Work to complete: Across all lines of the entries, tally those with the word "ratF" in them. The reply is the tally, by itself.

+++ Data provided +++

(* Block partitions are given by labelings: coordinate k of a signal belongs
   to sub-signal lbl k. *)
Definition structured (T : zmodType) N (Adj : 'I_N -> 'I_N -> bool) p m
  (lo : 'I_p -> 'I_N) (li : 'I_m -> 'I_N) (M : 'M[T]_(p, m)) : Prop :=
  forall i j, ~~ Adj (lo i) (li j) -> M i j = 0.

Definition block_diag (T : zmodType) N p m
  (lo : 'I_p -> 'I_N) (li : 'I_m -> 'I_N) (M : 'M[T]_(p, m)) : Prop :=
  forall i j, lo i != li j -> M i j = 0.

Definition tf (R : realType) n p m (A : 'M[R]_n) (B : 'M[R]_(n, m))
  (C : 'M[R]_(p, n)) (D : 'M[R]_(p, m)) : 'M[ratF R]_(p, m) :=
  map_mx (@cst R) C *m invmx ((('X : {poly R})%:F)%:M - map_mx (@cst R) A)
    *m map_mx (@cst R) B + map_mx (@cst R) D.

Definition TF_structured (R : realType) N (Adj : 'I_N -> 'I_N -> bool) p m
  (lo : 'I_p -> 'I_N) (li : 'I_m -> 'I_N) (H : 'M[ratF R]_(p, m)) : Prop :=
  structured Adj lo li H.

Definition structured_realizable (R : realType) N (Adj : 'I_N -> 'I_N -> bool) p m
  (lo : 'I_p -> 'I_N) (li : 'I_m -> 'I_N) (H : 'M[ratF R]_(p, m)) : Prop :=
  exists (n : nat) (ls : 'I_n -> 'I_N) (A : 'M[R]_n) (B : 'M[R]_(n, m))
         (C : 'M[R]_(p, n)) (D : 'M[R]_(p, m)),
    [/\ structured Adj ls ls A, structured Adj ls li B,
        structured Adj lo ls C, structured Adj lo li D & H = tf A B C D].

Definition network_realizable (R : realType) N (Adj : 'I_N -> 'I_N -> bool) p m
  (lo : 'I_p -> 'I_N) (li : 'I_m -> 'I_N) (H : 'M[ratF R]_(p, m)) : Prop :=
  exists (n : nat) (ls : 'I_n -> 'I_N) (A : 'M[R]_n) (B : 'M[R]_(n, m))
         (C : 'M[R]_(p, n)) (D : 'M[R]_(p, m)),
    [/\ structured Adj ls ls A, structured Adj ls li B,
        structured Adj lo ls C, structured Adj lo li D & H = tf A B C D] /\
      ((block_diag ls li B /\ block_diag lo li D) \/
        (block_diag lo ls C /\ block_diag lo li D)).

(* Subtracting the feedthrough leaves a matrix of strictly proper entries, each
   of the form P/Q with Q monic of a common degree K and deg P < K.  Realize
   every entry (i, j) on its own in controllable canonical form (companion
   matrix of Q, input vector e_K, output row the coefficients of P) and place
   these blocks side by side.  Labelling the states of block (i, j) by the
   node of input j makes A and B block diagonal; C is structured because an
   entry outside the graph has zero numerator, and H(oo) inherits the zero
   pattern of H.  For the converse, on the path 2 -> 1 -> 0 the double
   integrator 1/s^2 from node 2 to node 0 is realized by one integrator at
   node 2 and one at node 1, although nodes 0 and 2 are not adjacent. *)

From HB Require Import structures.
From mathcomp Require Import all_boot all_order all_algebra.
From mathcomp Require Import fraction reals.
From mathcomp Require Import zify.
Set Implicit Arguments. Unset Strict Implicit. Unset Printing Implicit Defensive.
Import Order.TTheory GRing.Theory Num.Theory.
Local Open Scope ring_scope.

HB.instance Definition _ (R : realType) :=
  GRing.RMorphism.copy (@cst R) (@FracField.tofrac _ \o polyC).

Lemma block_diag_structured (T : zmodType) N (Adj : 'I_N -> 'I_N -> bool) p m
    (lo : 'I_p -> 'I_N) (li : 'I_m -> 'I_N) (M : 'M[T]_(p, m)) :
  (forall k, Adj k k) -> block_diag lo li M -> structured Adj lo li M.
Proof. by move=> reflA Mdiag i j nadj; apply: Mdiag; apply: contraNneq nadj => ->. Qed.

Lemma sum_enum_rank (V : nmodType) (T : finType) (F : 'I_#|T| -> V) :
  \sum_u F u = \sum_x F (enum_rank x).
Proof. exact: reindex (onW_bij _ (@enum_rank_bij T)). Qed.

Lemma sum_pair_fst_eq (V : nmodType) (I J : finType) (c : I) (F : I * J -> V) :
  \sum_x (if x.1 == c then F x else 0) = \sum_k F (c, k).
Proof.
transitivity (\sum_i \sum_k if i == c then F (i, k) else 0).
  by rewrite pair_bigA; apply: eq_bigr => -[i k].
rewrite (bigD1 c) //= [X in _ + X]big1 => [|i /negbTE neq_ic]; last first.
  by apply: big1 => k _; rewrite neq_ic.
by rewrite addr0; apply: eq_bigr => k _; rewrite eqxx.
Qed.

Section Realization.
Variable R : realType.
Local Notation s := (('X : {poly R})%:F).

Lemma map_char_poly_mx n (A : 'M[R]_n) :
  map_mx (@FracField.tofrac _) (char_poly_mx A) = s%:M - map_mx (@cst R) A.
Proof. by apply/matrixP => i j; rewrite !mxE rmorphB rmorphMn. Qed.

Lemma sI_sub_unitmx n (A : 'M[R]_n) : s%:M - map_mx (@cst R) A \in unitmx.
Proof.
rewrite -map_char_poly_mx unitmxE det_map_mx unitfE tofrac_eq0.
exact/monic_neq0/char_poly_monic.
Qed.

Lemma tf_solve n p m (A : 'M[R]_n) (B : 'M[R]_(n, m)) (C : 'M[R]_(p, n)) D
    (X : 'M[ratF R]_(n, m)) :
  (s%:M - map_mx (@cst R) A) *m X = map_mx (@cst R) B ->
  tf A B C D = map_mx (@cst R) C *m X + map_mx (@cst R) D.
Proof. by move=> resX; rewrite /tf -resX -mulmxA mulKmx // sI_sub_unitmx. Qed.

Lemma strictly_proper_cst (d : R) : strictly_proper (cst d) -> d = 0.
Proof.
move=> [p [q [q_neq0 [lt_pq /(congr1 ( *%R^~ q%:F))]]]].
rewrite divfK ?tofrac_eq0 // /cst -rmorphM => /eqP; rewrite tofrac_eq => /eqP dq_p.
by apply: contraTeq lt_pq => d_neq0; rewrite -dq_p size_Cmul // ltnn.
Qed.

Lemma feedthrough_structured N (Adj : 'I_N -> 'I_N -> bool) p m
    (lo : 'I_p -> 'I_N) (li : 'I_m -> 'I_N) (H : 'M[ratF R]_(p, m)) D0 :
  feedthrough H D0 -> TF_structured Adj lo li H -> structured Adj lo li D0.
Proof.
move=> HD0 Hs i j nadj; apply/eqP; rewrite -oppr_eq0; apply/eqP/strictly_proper_cst.
by have := HD0 i j; rewrite (Hs i j nadj) sub0r rmorphN.
Qed.

Lemma strictly_proper_monic_repr (p q : {poly R}) K :
  q != 0 -> (size p < size q)%N -> (size q <= K.+1)%N ->
  exists P Q : {poly R}, [/\ Q \is monic, size Q = K.+1, (size P <= K)%N &
    p%:F / q%:F = P%:F / Q%:F].
Proof.
move=> q_neq0 lt_pq le_qK.
have lq_neq0 : lead_coef q != 0 by rewrite lead_coef_eq0.
pose a := (lead_coef q)^-1 *: 'X^(K.+1 - size q).
have size_a : size a = (K.+1 - size q).+1 by rewrite size_scale ?invr_eq0 // size_polyXn.
have a_neq0 : a != 0 by rewrite -size_poly_gt0 size_a.
exists (a * p), (a * q); split.
- by rewrite monicE lead_coefM lead_coefZ lead_coefXn mulr1 mulVf.
- by rewrite size_mul // size_a addSn subnK.
- rewrite (leq_trans (size_polyMleq _ _)) // size_a addSn /=.
  by move: lt_pq le_qK; set sp := size p; set sq := size q; lia.
- by rewrite !rmorphM -mulf_div divff ?mul1r // tofrac_eq0.
Qed.

Lemma strictly_proper_uniform_repr (I : finType) (h : I -> ratF R) :
  (forall x, strictly_proper (h x)) ->
  exists K (P Q : I -> {poly R}), forall x,
    [/\ Q x \is monic, size (Q x) = K.+1, (size (P x) <= K)%N &
      h x = (P x)%:F / (Q x)%:F].
Proof.
move=> /fin_all_exists[p /fin_all_exists[q hpq]].
exists (\max_x size (q x)).
have /fin_all_exists[P /fin_all_exists[Q hPQ]] : forall x, exists P Q : {poly R},
    [/\ Q \is monic, size Q = (\max_x size (q x)).+1, (size P <= \max_x size (q x))%N &
      h x = P%:F / Q%:F].
  move=> x; have [q_neq0 [lt_pq ->]] := hpq x.
  exact/strictly_proper_monic_repr/leqW/(leq_bigmax x).
by exists P, Q.
Qed.

Lemma tofrac_sum_coef (P : {poly R}) K : (size P <= K)%N ->
  P%:F = \sum_(k < K) cst P`_k * s ^+ k.
Proof.
move=> le_PK; have {1}-> : P = \poly_(k < K) P`_k.
  apply/polyP => k; rewrite coef_poly; case: ltnP => // le_Kk.
  by rewrite nth_default ?(leq_trans le_PK).
rewrite poly_def rmorph_sum.
by apply: eq_bigr => k _; rewrite -mul_polyC rmorphM rmorphXn.
Qed.

Definition companion_mx K (Q : {poly R}) : 'M[R]_K :=
  \matrix_(k, l) ((l == k.+1 :> nat)%:R - (k.+1 == K)%:R * Q`_l).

+++

Answer section: 7